Göke B, Göke R, Lankisch P G
Res Exp Med (Berl). 1985;185(6):503-7. doi: 10.1007/BF01851856.
The effect of the epsilon-guanidino acid derivate camostate (FOY 305) on lipolysis of isolated adipocytes was evaluated to test its supposed influence on the reactions of lipid metabolism in experimental shock. Isoprenaline (10(-6) M) and theophylline (10(-3) M) significantly stimulated lipolysis in vitro. The basal submaximal (isoprenaline 10(-6)-10(-9) M) and maximal (isoprenaline 10(-6) M) catecholamine-stimulated lipolysis were not affected by camostate (10(-6) M). Furthermore, camostate (0.1-100 X 10(-6) M) did not influence half-maximal theophylline-induced lipolysis of the adipocytes. Our findings do not support the suggestion that epsilon-guanidino acid derivatives diminish in shock the increase of free fatty acids in blood via an influence on lipolysis in the peripheral adipose tissue.

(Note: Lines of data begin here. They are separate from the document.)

(* Consider a single consensus instance with identifier $\mathsf{swid}$ run by a set of authorities satisfying the standing assumptions below. Let $P_1$ and $P_2$ be proposals for $\mathsf{swid}$ such that a commit certificate $C^* = \mathsf{cert}[\mathsf{Commit}(P_1)]$ and a pre-commit certificate $C_2 = \mathsf{cert}[\mathsf{PreCommit}(P_2)]$ both exist, and suppose $\mathsf{round}(P_2) \ge \mathsf{round}(P_1)$. Then $\mathsf{decision}(P_1) = \mathsf{decision}(P_2)$.
   Context: Setting. There is a fixed finite set of authorities, some of which are honest and the rest arbitrary (Byzantine). A \emph{quorum} is a set of authorities of a fixed size (e.g. $2f+1$ out of $n=3f+1$ with at most $f$ dishonest), such that any two quorums intersect in at least one honest authority. For a message $M$, a \emph{certificate} $\mathsf{cert}[M]$ exists only if every authority of some quorum has signed (voted for) $M$. Data. A decision value is either $\mathsf{Confirm}$ or $\mathsf{Abort}$. A \emph{proposal} is a message $P = \mathsf{Proposal}(\mathsf{swid}, k, V)$ with round number $k \in \mathbb{N}$ and decision value $V$; write $\mathsf{round}(P)=k$, $\mathsf{decision}(P)=V$. A \emph{pre-commit certificate} is $C=\mathsf{cert}[\mathsf{PreCommit}(P)]$ and a \emph{commit certificate} is $C^*=\mathsf{cert}[\mathsf{Commit}(P)]$; $\mathsf{round}$ and $\mathsf{decision}$ of such certificates are those of $P$. Honest behavior. Each honest authority $\alpha$ keeps, for the instance $\mathsf{swid}$, two fields $\mathsf{proposed}(\alpha)$ (initially $\bot$, later a proposal) and $\mathsf{locked}(\alpha)$ (initially $\bot$, later a pre-commit certificate), which change only as follows. (i) $\alpha$ signs $\mathsf{PreCommit}(P)$ only if at that moment $P$ is \emph{safe}: (a) if $\mathsf{proposed}(\alpha)=P_0\neq\bot$ and $P\ne P_0$ then $\mathsf{round}(P)>\mathsf{round}(P_0)$; and (b) if $\mathsf{locked}(\alpha)=C_0\neq\bot$ then $\mathsf{round}(P)>\mathsf{round}(C_0)$ and $\mathsf{decision}(P)=\mathsf{decision}(C_0)$; upon signing it sets $\mathsf{proposed}(\alpha):=P$. (ii) $\alpha$ signs $\mathsf{Commit}(P)$ only upon receiving a valid pre-commit certificate $C=\mathsf{cert}[\mathsf{PreCommit}(P)]$ that is \emph{safe} at that moment: (c) if $\mathsf{proposed}(\alpha)=P_0\neq\bot$ then $\mathsf{round}(C)\ge\mathsf{round}(P_0)$; and (d) if $\mathsf{locked}(\alpha)=C_0\neq\bot$ then $\mathsf{round}(C)\ge\mathsf{round}(C_0)$; upon signing it sets $\mathsf{locked}(\alpha):=C$. *)

From mathcomp Require Import all_boot.
From Stdlib Require List.
Set Implicit Arguments. Unset Strict Implicit. Unset Printing Implicit Defensive.

Inductive dvalue := Confirm | Abort.

Record proposal := Proposal { swid : nat; round : nat; decision : dvalue }.

Inductive msg := PreCommit of proposal | Commit of proposal.

Section Protocol.
Variable A : finType.

(* An execution is the chronological list of signatures (signer, message).
   Signatures are unforgeable: (a, m) occurs iff authority a signed m. *)
Definition trace := seq (A * msg).

Definition signed (tr : trace) (a : A) (m : msg) : Prop := List.In (a, m) tr.

Definition cert_exists (quorum : {set A} -> Prop) (tr : trace) (m : msg) : Prop :=
  exists Q : {set A}, quorum Q /\ forall a, a \in Q -> signed tr a m.

Definition quorum_intersection (honest : A -> Prop) (quorum : {set A} -> Prop) : Prop :=
  forall Q1 Q2, quorum Q1 -> quorum Q2 ->
    exists a, a \in Q1 /\ a \in Q2 /\ honest a.

(* Local state of authority a for instance s after a trace.
   proposed(a): the last proposal P for which a signed PreCommit(P).
   locked(a): the last pre-commit certificate C = cert[PreCommit P] upon which
   a signed Commit(P); it is represented by P (round/decision of C are those of P). *)
Definition step_proposed (a : A) (s : nat) (o : option proposal) (e : A * msg) :=
  match e with
  | (b, PreCommit P) => if (b == a) && (swid P == s) then Some P else o
  | _ => o
  end.

Definition step_locked (a : A) (s : nat) (o : option proposal) (e : A * msg) :=
  match e with
  | (b, Commit P) => if (b == a) && (swid P == s) then Some P else o
  | _ => o
  end.

Definition proposed (tr : trace) (a : A) (s : nat) : option proposal :=
  foldl (step_proposed a s) None tr.

Definition locked (tr : trace) (a : A) (s : nat) : option proposal :=
  foldl (step_locked a s) None tr.

Definition safe_precommit (pre : trace) (a : A) (P : proposal) : Prop :=
  (forall P0, proposed pre a (swid P) = Some P0 -> P <> P0 -> round P0 < round P) /\
  (forall C0, locked pre a (swid P) = Some C0 ->
      round C0 < round P /\ decision P = decision C0).

(* Rule (ii): a valid certificate cert[PreCommit P] has been received
   (it exists in the history) and is safe. *)
Definition safe_commit (quorum : {set A} -> Prop) (pre : trace) (a : A)
    (P : proposal) : Prop :=
  cert_exists quorum pre (PreCommit P) /\
  (forall P0, proposed pre a (swid P) = Some P0 -> round P0 <= round P) /\
  (forall C0, locked pre a (swid P) = Some C0 -> round C0 <= round P).

Definition honest_step (quorum : {set A} -> Prop) (pre : trace) (a : A) (m : msg) : Prop :=
  match m with
  | PreCommit P => safe_precommit pre a P
  | Commit P => safe_commit quorum pre a P
  end.

(* Valid execution: every signature by an honest authority obeys the rules
   w.r.t. the history before it; Byzantine authorities sign arbitrarily. *)
Definition valid_trace (honest : A -> Prop) (quorum : {set A} -> Prop) (tr : trace) : Prop :=
  forall i (a : A) (m : msg), List.nth_error tr i = Some (a, m) -> honest a ->
    honest_step quorum (take i tr) a m.

End Protocol.

(* Safety by strong induction on the round of the pre-committed proposal P2.
   An honest authority a lies in both the commit quorum of P1 and the
   pre-commit quorum of P2.  If a pre-committed P2 before committing P1, its
   proposed round already exceeded round P1 when it committed, which rule (c)
   forbids.  If it committed P1 first, from then on its lock was a
   certificate of round >= round P1, and rule (b) made it pre-commit P2 only
   with the decision of its current lock C, a pre-commit certificate with
   round P1 <= round C < round P2, to which the induction hypothesis applies.
   In equal rounds, two pre-commit certificates share an honest signer, who
   never pre-commits two different proposals of the same round (rule (a)). *)
From Pilot Require Import Defs.
From mathcomp Require Import all_boot zify.
From Stdlib Require List.
Set Implicit Arguments. Unset Strict Implicit.

Lemma proposal_eq_dec (P P' : proposal) : {P = P'} + {P <> P'}.
Proof. by do 2 decide equality. Qed.

Lemma take_nth_error_succ (T : Type) (s : seq T) k :
  take k.+1 s = if List.nth_error s k is Some e then rcons (take k s) e else take k s.
Proof.
elim: s k => [|x s IH] [|k] //=; first by rewrite take0.
by rewrite IH; case: (List.nth_error s k).
Qed.

Lemma foldl_take_succ (T R : Type) (f : R -> T -> R) (r0 : R) (s : seq T) k :
  foldl f r0 (take k.+1 s) =
  if List.nth_error s k is Some e then f (foldl f r0 (take k s)) e
  else foldl f r0 (take k s).
Proof. by rewrite take_nth_error_succ; case: (List.nth_error s k) => // e; rewrite foldl_rcons. Qed.

Lemma In_take (T : Type) (s : seq T) k x : List.In x (take k s) -> List.In x s.
Proof. by elim: s k => [|y s IH] [|k] //= [->|/IH]; [left | right]. Qed.

Definition advances (o o' : option proposal) : Prop :=
  match o, o' with
  | None, _ => True
  | Some _, None => False
  | Some P, Some P' => P = P' \/ round P < round P'
  end.

Definition round_le_opt (o o' : option proposal) : Prop :=
  match o, o' with
  | None, _ => True
  | Some _, None => False
  | Some P, Some P' => round P <= round P'
  end.

Lemma advances_refl : forall o, advances o o.
Proof. by case=> //= P; left. Qed.

Lemma advances_trans : forall o' o o'', advances o o' -> advances o' o'' -> advances o o''.
Proof.
case=> [P'|] [P|] [P''|] //= [<-|lt_PP'] // [<-|lt_P'P'']; by [left | right; lia].
Qed.

Lemma round_le_opt_refl : forall o, round_le_opt o o.
Proof. by case=> /=. Qed.

Lemma round_le_opt_trans :
  forall o' o o'', round_le_opt o o' -> round_le_opt o' o'' -> round_le_opt o o''.
Proof. case=> [?|] [?|] [?|] //=; lia. Qed.

Lemma proposed_signed (A : finType) (tr : trace A) a P j :
  List.nth_error tr j = Some (a, PreCommit P) ->
  proposed (take j.+1 tr) a (swid P) = Some P.
Proof. by move=> e_j; rewrite /proposed foldl_take_succ e_j /= !eqxx. Qed.

Lemma locked_signed (A : finType) (tr : trace A) a P j :
  List.nth_error tr j = Some (a, Commit P) ->
  Defs.locked (take j.+1 tr) a (swid P) = Some P.
Proof. by move=> e_j; rewrite /Defs.locked foldl_take_succ e_j /= !eqxx. Qed.

Section HonestAuthorities.
Variables (A : finType) (honest : A -> Prop) (quorum : {set A} -> Prop).
Hypothesis quorum_inter : quorum_intersection honest quorum.
Variable tr : trace A.
Hypothesis tr_valid : valid_trace honest quorum tr.

Lemma proposed_advances a s : honest a ->
  {homo (fun k => proposed (take k tr) a s) : i j / i <= j >-> advances i j}.
Proof.
move=> honest_a; apply: homo_leq; [exact: advances_refl | exact: advances_trans |].
move=> k; rewrite /proposed foldl_take_succ -/(proposed _ _ _).
case e_k: (List.nth_error tr k) => [[b [P|P]]|] /=; try exact: advances_refl.
case: eqP => [b_a|]; last by move=> _; apply: advances_refl.
case: eqP => [swid_P|]; last by move=> _; apply: advances_refl.
subst b s; case prop_k: (proposed (take k tr) a (swid P)) => [P0|] //=.
have [safeP _] := tr_valid e_k honest_a.
by case: (proposal_eq_dec P0 P) => [-> | /nesym neq_P]; [left | right; apply: safeP].
Qed.

Lemma locked_round_mono a s : honest a ->
  {homo (fun k => Defs.locked (take k tr) a s) : i j / i <= j >-> round_le_opt i j}.
Proof.
move=> honest_a; apply: homo_leq; [exact: round_le_opt_refl | exact: round_le_opt_trans |].
move=> k; rewrite /Defs.locked foldl_take_succ -/(Defs.locked _ _ _).
case e_k: (List.nth_error tr k) => [[b [P|P]]|] /=; try exact: round_le_opt_refl.
case: eqP => [b_a|]; last by move=> _; apply: round_le_opt_refl.
case: eqP => [swid_P|]; last by move=> _; apply: round_le_opt_refl.
subst b s; case lock_k: (Defs.locked (take k tr) a (swid P)) => [C0|] //=.
by have [_ [_ safeP]] := tr_valid e_k honest_a; apply: safeP.
Qed.

Lemma honest_commit_cert a P i : honest a ->
  List.nth_error tr i = Some (a, Commit P) -> cert_exists quorum tr (PreCommit P).
Proof.
move=> honest_a e_i; have [[Q [quorum_Q signed_Q]] _] := tr_valid e_i honest_a.
by exists Q; split=> // b /signed_Q; apply: In_take.
Qed.

Lemma locked_cert a s k C : honest a ->
  Defs.locked (take k tr) a s = Some C -> swid C = s /\ cert_exists quorum tr (PreCommit C).
Proof.
move=> honest_a; elim: k => [|k IH]; first by rewrite take0.
rewrite /Defs.locked foldl_take_succ -/(Defs.locked _ _ _).
case e_k: (List.nth_error tr k) => [[b [P|P]]|] //=.
case: eqP => [b_a|_]; last exact: IH.
case: eqP => [swid_P [<-]|_]; last exact: IH.
by subst b; split=> //; apply: honest_commit_cert e_k.
Qed.

Lemma certs_honest_signer m1 m2 :
  cert_exists quorum tr m1 -> cert_exists quorum tr m2 ->
  exists a i j, [/\ honest a, List.nth_error tr i = Some (a, m1)
                            & List.nth_error tr j = Some (a, m2)].
Proof.
move=> [Q1 [quorum_Q1 signed_Q1]] [Q2 [quorum_Q2 signed_Q2]].
have [a [a_Q1 [a_Q2 honest_a]]] := quorum_inter quorum_Q1 quorum_Q2.
have [i e_i] := List.In_nth_error _ _ (signed_Q1 a a_Q1).
have [j e_j] := List.In_nth_error _ _ (signed_Q2 a a_Q2).
by exists a, i, j.
Qed.

Lemma honest_precommit_round_inj a P P' i j : honest a ->
  List.nth_error tr i = Some (a, PreCommit P) ->
  List.nth_error tr j = Some (a, PreCommit P') ->
  swid P = swid P' -> round P = round P' -> P = P'.
Proof.
move=> honest_a; wlog lt_ij : i j P P' / i < j.
  move=> wlog_ij e_i e_j swidE roundE; case: (ltngtP i j) => [lt_ij|lt_ji|eq_ij].
  - exact: wlog_ij e_i e_j swidE roundE.
  - by symmetry; apply: wlog_ij e_j e_i _ _.
  - by move: e_i; rewrite eq_ij e_j => -[].
move=> e_i e_j swidE roundE.
have := proposed_advances (swid P) honest_a lt_ij; rewrite (proposed_signed e_i) swidE /=.
case prop_j: (proposed (take j tr) a (swid P')) => [P0|] //= adv.
have [safeP' _] := tr_valid e_j honest_a.
case: (proposal_eq_dec P' P0) => [eq_P'P0 | /(safeP' P0 prop_j) lt_P0P'].
  by subst P0; case: adv => // ?; lia.
by case: adv => [?|]; [subst P0 |]; lia.
Qed.

Lemma precommit_certs_round_inj P P' :
  cert_exists quorum tr (PreCommit P) -> cert_exists quorum tr (PreCommit P') ->
  swid P = swid P' -> round P = round P' -> P = P'.
Proof.
move=> /certs_honest_signer cert_P /cert_P [a [i [j [honest_a e_i e_j]]]].
exact: honest_precommit_round_inj e_i e_j.
Qed.

(* Rule (c): committing P1 requires the proposed round to be at most round P1. *)
Lemma precommit_before_commit_round a P1 P2 i j : honest a ->
  List.nth_error tr j = Some (a, PreCommit P2) ->
  List.nth_error tr i = Some (a, Commit P1) ->
  j < i -> swid P1 = swid P2 -> round P2 <= round P1.
Proof.
move=> honest_a e_j e_i lt_ji swidE.
have := proposed_advances (swid P2) honest_a lt_ji; rewrite (proposed_signed e_j) -swidE /=.
case prop_i: (proposed (take i tr) a (swid P1)) => [P0|] //= adv.
have [_ [roundP _]] := tr_valid e_i honest_a.
by have := roundP P0 prop_i; case: adv => [<-|]; lia.
Qed.

Lemma commit_before_precommit_lock a P1 P2 i j : honest a ->
  List.nth_error tr i = Some (a, Commit P1) ->
  List.nth_error tr j = Some (a, PreCommit P2) ->
  i < j -> swid P1 = swid P2 ->
  exists C, [/\ swid C = swid P1, cert_exists quorum tr (PreCommit C),
    round P1 <= round C < round P2 & decision P2 = decision C].
Proof.
move=> honest_a e_i e_j lt_ij swidE.
have := locked_round_mono (swid P1) honest_a lt_ij; rewrite (locked_signed e_i) /=.
case lock_j: (Defs.locked (take j tr) a (swid P1)) => [C|] //= le_P1C.
have [swidC certC] := locked_cert honest_a lock_j.
case: (tr_valid e_j honest_a) => _ /(_ C); rewrite -swidE => /(_ lock_j) [lt_CP2 decE].
by exists C; split=> //; apply/andP.
Qed.

Lemma commit_precommit_decision P1 P2 :
  cert_exists quorum tr (Commit P1) -> cert_exists quorum tr (PreCommit P2) ->
  swid P1 = swid P2 -> round P1 <= round P2 -> decision P1 = decision P2.
Proof.
move=> cert_P1; have [n] := ubnP (round P2); elim: n P2 => // n IH P2 lt_P2n cert_P2 swidE.
have [a [i [j [honest_a e_i e_j]]]] := certs_honest_signer cert_P1 cert_P2.
rewrite leq_eqVlt => /orP[/eqP roundE | lt_P1P2].
  by rewrite (precommit_certs_round_inj (honest_commit_cert honest_a e_i) cert_P2 swidE roundE).
case: (ltngtP i j) => [lt_ij | lt_ji | eq_ij].
- have [C [swidC certC /andP[le_P1C lt_CP2] ->]] :=
    commit_before_precommit_lock honest_a e_i e_j lt_ij swidE.
  by apply: IH => //; lia.
- by have := precommit_before_commit_round honest_a e_j e_i lt_ji swidE; lia.
- by move: e_i; rewrite eq_ij e_j.
Qed.

End HonestAuthorities.

Theorem mainTheorem1 (A : finType) (honest : A -> Prop) (quorum : {set A} -> Prop)
  (Hq : quorum_intersection honest quorum)
  (tr : trace A) (Hvalid : valid_trace honest quorum tr)
  (P1 P2 : proposal) (Hs : swid P1 = swid P2)
  (HC1 : cert_exists quorum tr (Commit P1))
  (HC2 : cert_exists quorum tr (PreCommit P2))
  (Hr : round P1 <= round P2) :
  decision P1 = decision P2.
Proof. exact: (commit_precommit_decision Hq Hvalid HC1 HC2 Hs Hr). Qed.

评估了ε-胍基酸衍生物卡莫司他(FOY 305)对分离的脂肪细胞脂解作用的影响,以测试其对实验性休克中脂质代谢反应的假定影响。异丙肾上腺素(10⁻⁶ M)和茶碱(10⁻³ M)在体外显著刺激脂解。卡莫司他(10⁻⁶ M)不影响基础次最大(异丙肾上腺素10⁻⁶ - 10⁻⁹ M)和最大(异丙肾上腺素10⁻⁶ M)儿茶酚胺刺激的脂解。此外,卡莫司他(0.1 - 100×10⁻⁶ M)不影响茶碱诱导的脂肪细胞半最大脂解。我们的研究结果不支持ε-胍基酸衍生物在休克中通过影响外周脂肪组织的脂解作用来减少血液中游离脂肪酸增加的观点。